Su compasión era infinita y legendaria. Con ella como guía se impuso la tarea más difícil, y la que más falta nos hace ahora mismo: vivir con los ojos abiertos sin dejarse derrotar por el nihilismo. Ser testigo del mundo sin caer en el odio ni la desesperación. Nuestra tarea y tributo es seguirlo como un faro en la densa oscuridad que nos ciega, para que nos salve del desprecio, la angustia y la desidia.
Dos cumpleaños y un funeral
A los libros que ya conocemos, una colección que incluye incluye novela, ensayo, cartas, dibujo, poema, retratos y reportaje periodístico y que hay que leer, releer, recomendar, regalar y recordar, se sumaron en los últimos meses varios títulos valiosos. Berger era de la escuela de Gerhard Richter, el otro gran genio de nuestro tiempo, y trabajaba todos los días, contra viento y marea, sin esperar a la musa, el buen tiempo o la revelación.
Acababa de publicar Portraits (retratos), un cuaderno de perfiles artísticos que empieza en las cuevas de Chauvet y acaba en la jovencísima artista palestina Randa Mdah, pasando por su querido Cy Twombly, al que consideraba un poeta-pintor y, por lo tanto, un hermano. Le siguió su complementario Landscapes (paisajes), un libro de encuentros con almas gemelas como Bertold Brecht, Walter Benjamin y Rosa Luxemburgo.
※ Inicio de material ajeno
(* Let $\lambda(\beta,\theta,\gamma)$ be the Perron root associated to the generator $\mathcal{L}$ in the context. Then for all $\beta,\theta,\gamma>0$: $$\lambda(\beta,\theta+\delta,\gamma)\le\lambda(\beta,\theta,\gamma)-\delta\quad\text{for all }\delta>0,$$ $$\lambda(\beta,\theta-\delta,\gamma)\ge\lambda(\beta,\theta,\gamma)+\delta\quad\text{for all }\delta\in(0,\theta).$$
   Context: For parameters $\beta,\theta,\gamma>0$, $\mathcal{L}f(n)=\beta n(f(n+1)-f(n))-\theta nf(n)+\sum_{j=1}^{n-1}\frac{\gamma n}{j(j+1)}(f(j)+f(n-j)-f(n))$ on functions $f:\mathbb{N}_+\to\mathbb{R}$; it generates the first moment semigroup $(M_t)$ of the active cluster-size process of the GFI process (a cluster of size $n$ is isolated at rate $\theta n$, grows at rate $\beta n$, splits into sizes $n-j,j$ at rate $\gamma n/(j(j+1))$). The Perron root $\lambda(\beta,\theta,\gamma)$ is the unique real number for which there exist a probability vector $\pi>0$ on $\mathbb{N}_+$ and a positive function $h$ bounded above and below by positive constants with $\pi M_t=e^{\lambda t}\pi$ and $M_th=e^{\lambda t}h$ for all $t\ge0$. *)

From Stdlib Require Import Reals.
From Coquelicot Require Import Coquelicot.
Open Scope R_scope.

(* Cluster sizes are the natural numbers n >= 1; values at index 0 are ignored. *)

Definition Lgen (beta theta gamma : R) (f : nat -> R) (n : nat) : R :=
  beta * INR n * (f (S n) - f n) - theta * INR n * f n
  + sum_n_m (fun j : nat => gamma * INR n / (INR j * INR (S j))
                            * (f j + f (n - j)%nat - f n)) 1 (n - 1).

Definition solves_backward (beta theta gamma : R) (M : R -> nat -> nat -> R) : Prop :=
  (forall n m : nat, (1 <= n)%nat -> (1 <= m)%nat ->
     M 0 n m = if Nat.eqb n m then 1 else 0) /\
  (forall n m : nat, (1 <= n)%nat -> (1 <= m)%nat ->
     filterlim (fun t => M t n m) (at_right 0) (locally (M 0 n m))) /\
  (forall (t : R) (n m : nat), 0 < t -> (1 <= n)%nat -> (1 <= m)%nat ->
     is_derive (fun s => M s n m) t (Lgen beta theta gamma (fun k => M t k m) n)).

Definition nonneg_kernel (M : R -> nat -> nat -> R) : Prop :=
  forall (t : R) (n m : nat), 0 <= t -> (1 <= n)%nat -> (1 <= m)%nat -> 0 <= M t n m.

(* The first moment semigroup (M_t) generated by L: the minimal nonnegative
   solution of the backward equation (Feller's minimal solution, which is the
   expectation kernel of the active cluster-size process). *)
Definition first_moment_semigroup (beta theta gamma : R) (M : R -> nat -> nat -> R) : Prop :=
  solves_backward beta theta gamma M /\ nonneg_kernel M /\
  (forall N : R -> nat -> nat -> R,
     solves_backward beta theta gamma N -> nonneg_kernel N ->
     forall (t : R) (n m : nat), 0 <= t -> (1 <= n)%nat -> (1 <= m)%nat ->
       M t n m <= N t n m).

Definition Perron_root (beta theta gamma lam : R) : Prop :=
  exists M : R -> nat -> nat -> R,
    first_moment_semigroup beta theta gamma M /\
    exists (pi h : nat -> R),
      (forall n : nat, (1 <= n)%nat -> 0 < pi n) /\
      is_series (fun k : nat => pi (S k)) 1 /\
      (exists c C : R, 0 < c /\ 0 < C /\
         forall n : nat, (1 <= n)%nat -> c <= h n <= C) /\
      (forall (t : R) (m : nat), 0 <= t -> (1 <= m)%nat ->
         is_series (fun k : nat => pi (S k) * M t (S k) m) (exp (lam * t) * pi m)) /\
      (forall (t : R) (n : nat), 0 <= t -> (1 <= n)%nat ->
         is_series (fun k : nat => M t n (S k) * h (S k)) (exp (lam * t) * h n)).

From Stdlib Require Import Reals Lra Lia Classical.
From Coquelicot Require Import Coquelicot.
Open Scope R_scope.

(* Raising the isolation rate by δ adds the potential -δ n <= -δ to the generator, so a
   maximum principle for the backward equation gives e^{δt} M^{θ+δ}_t <= M^θ_t entrywise.
   It is run on w = e^{δt} M^{θ+δ} - M^θ - ε e^{(β+1)t} n, which is negative at t = 0 and,
   because M^{θ+δ} stays bounded on compact time intervals (its right eigenfunction is
   bounded below), also for large n; at a first zero of w the growth and fragmentation
   terms of L_θ w are <= 0, so w would be decreasing there.  Pairing the entrywise bound
   with the bounded right eigenfunctions gives e^{(λ(θ+δ) + δ - λ(θ)) t} <= const for all t,
   hence λ(θ+δ) <= λ(θ) - δ; the second inequality is the first one taken at θ - δ. *)

Lemma is_series_le (a b : nat -> R) (la lb : R) :
  (forall n, a n <= b n) -> is_series a la -> is_series b lb -> la <= lb.
Proof.
  intros Hab Ha Hb.
  exact (is_lim_seq_le (sum_n a) (sum_n b) la lb (fun n => sum_n_m_le a b 0 n Hab) Ha Hb).
Qed.

Lemma sum_n_ge_last (a : nat -> R) (k : nat) :
  (forall n, 0 <= a n) -> a k <= sum_n a k.
Proof.
  intros Ha.
  assert (Hsum : forall j, 0 <= sum_n a j).
  { induction j as [|j IHj]; [rewrite sum_O; apply Ha|].
    rewrite sum_Sn; specialize (Ha (S j)); unfold plus; simpl; lra. }
  destruct k as [|k]; [rewrite sum_O; lra|].
  rewrite sum_Sn; specialize (Hsum k); unfold plus; simpl; lra.
Qed.

Lemma is_series_ge_term (a : nat -> R) (l : R) (k : nat) :
  (forall n, 0 <= a n) -> is_series a l -> a k <= l.
Proof.
  intros Ha Hl.
  apply Rle_trans with (sum_n a k); [now apply sum_n_ge_last|].
  apply (is_lim_seq_incr_compare _ _ Hl).
  intros n; rewrite sum_Sn; specialize (Ha (S n)); unfold plus; simpl; lra.
Qed.

Lemma sum_n_m_nonpos (a : nat -> R) (n m : nat) :
  (forall k, (n <= k <= m)%nat -> a k <= 0) -> sum_n_m a n m <= 0.
Proof.
  intros Ha.
  rewrite (sum_n_m_ext_loc a (fun k => Rmin (a k) 0))
    by (intros k Hk; symmetry; apply Rmin_left, Ha, Hk).
  apply Rle_trans with (sum_n_m (fun _ => 0) n m).
  - apply sum_n_m_le; intros k; apply Rmin_r.
  - rewrite sum_n_m_const; lra.
Qed.

Lemma sum_n_m_lincomb (u v w : nat -> R) (a c : R) (n m : nat) :
  sum_n_m (fun j => a * u j - v j - c * w j) n m
  = a * sum_n_m u n m - sum_n_m v n m - c * sum_n_m w n m.
Proof.
  rewrite (sum_n_m_ext _ (fun j => plus (plus (mult a (u j)) (mult (-1) (v j))) (mult (-c) (w j))))
    by (intros j; unfold plus, mult; simpl; ring).
  rewrite !sum_n_m_plus, !sum_n_m_mult_l; unfold plus, mult; simpl.
  change (@sum_n_m (Ring.AbelianMonoid R_Ring)) with (@sum_n_m R_AbelianMonoid).
  ring.
Qed.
Paisajes salía el día de su 90 cumpleaños, el pasado cinco de noviembre, igual que A Jar of Wild Flowers: Essays in Celebration of John Berger , un libro de homenaje con tributos de sus amigos y colaboradores. Hablan de él y con él gente como Ali Smith, Sally Potter, Ram Rahman, Hsiao–Hung Pai o Julie Christie. Lo escribieron para su cumpleaños y ahora será el primer homenaje de su funeral. Habrá muchos. Y está su Cuaderno de Bento donde dibuja y escribe poseído por Spinoza, el filósofo favorito de Marx. No deja ninguna autobiografía. Probablemente, su última lección.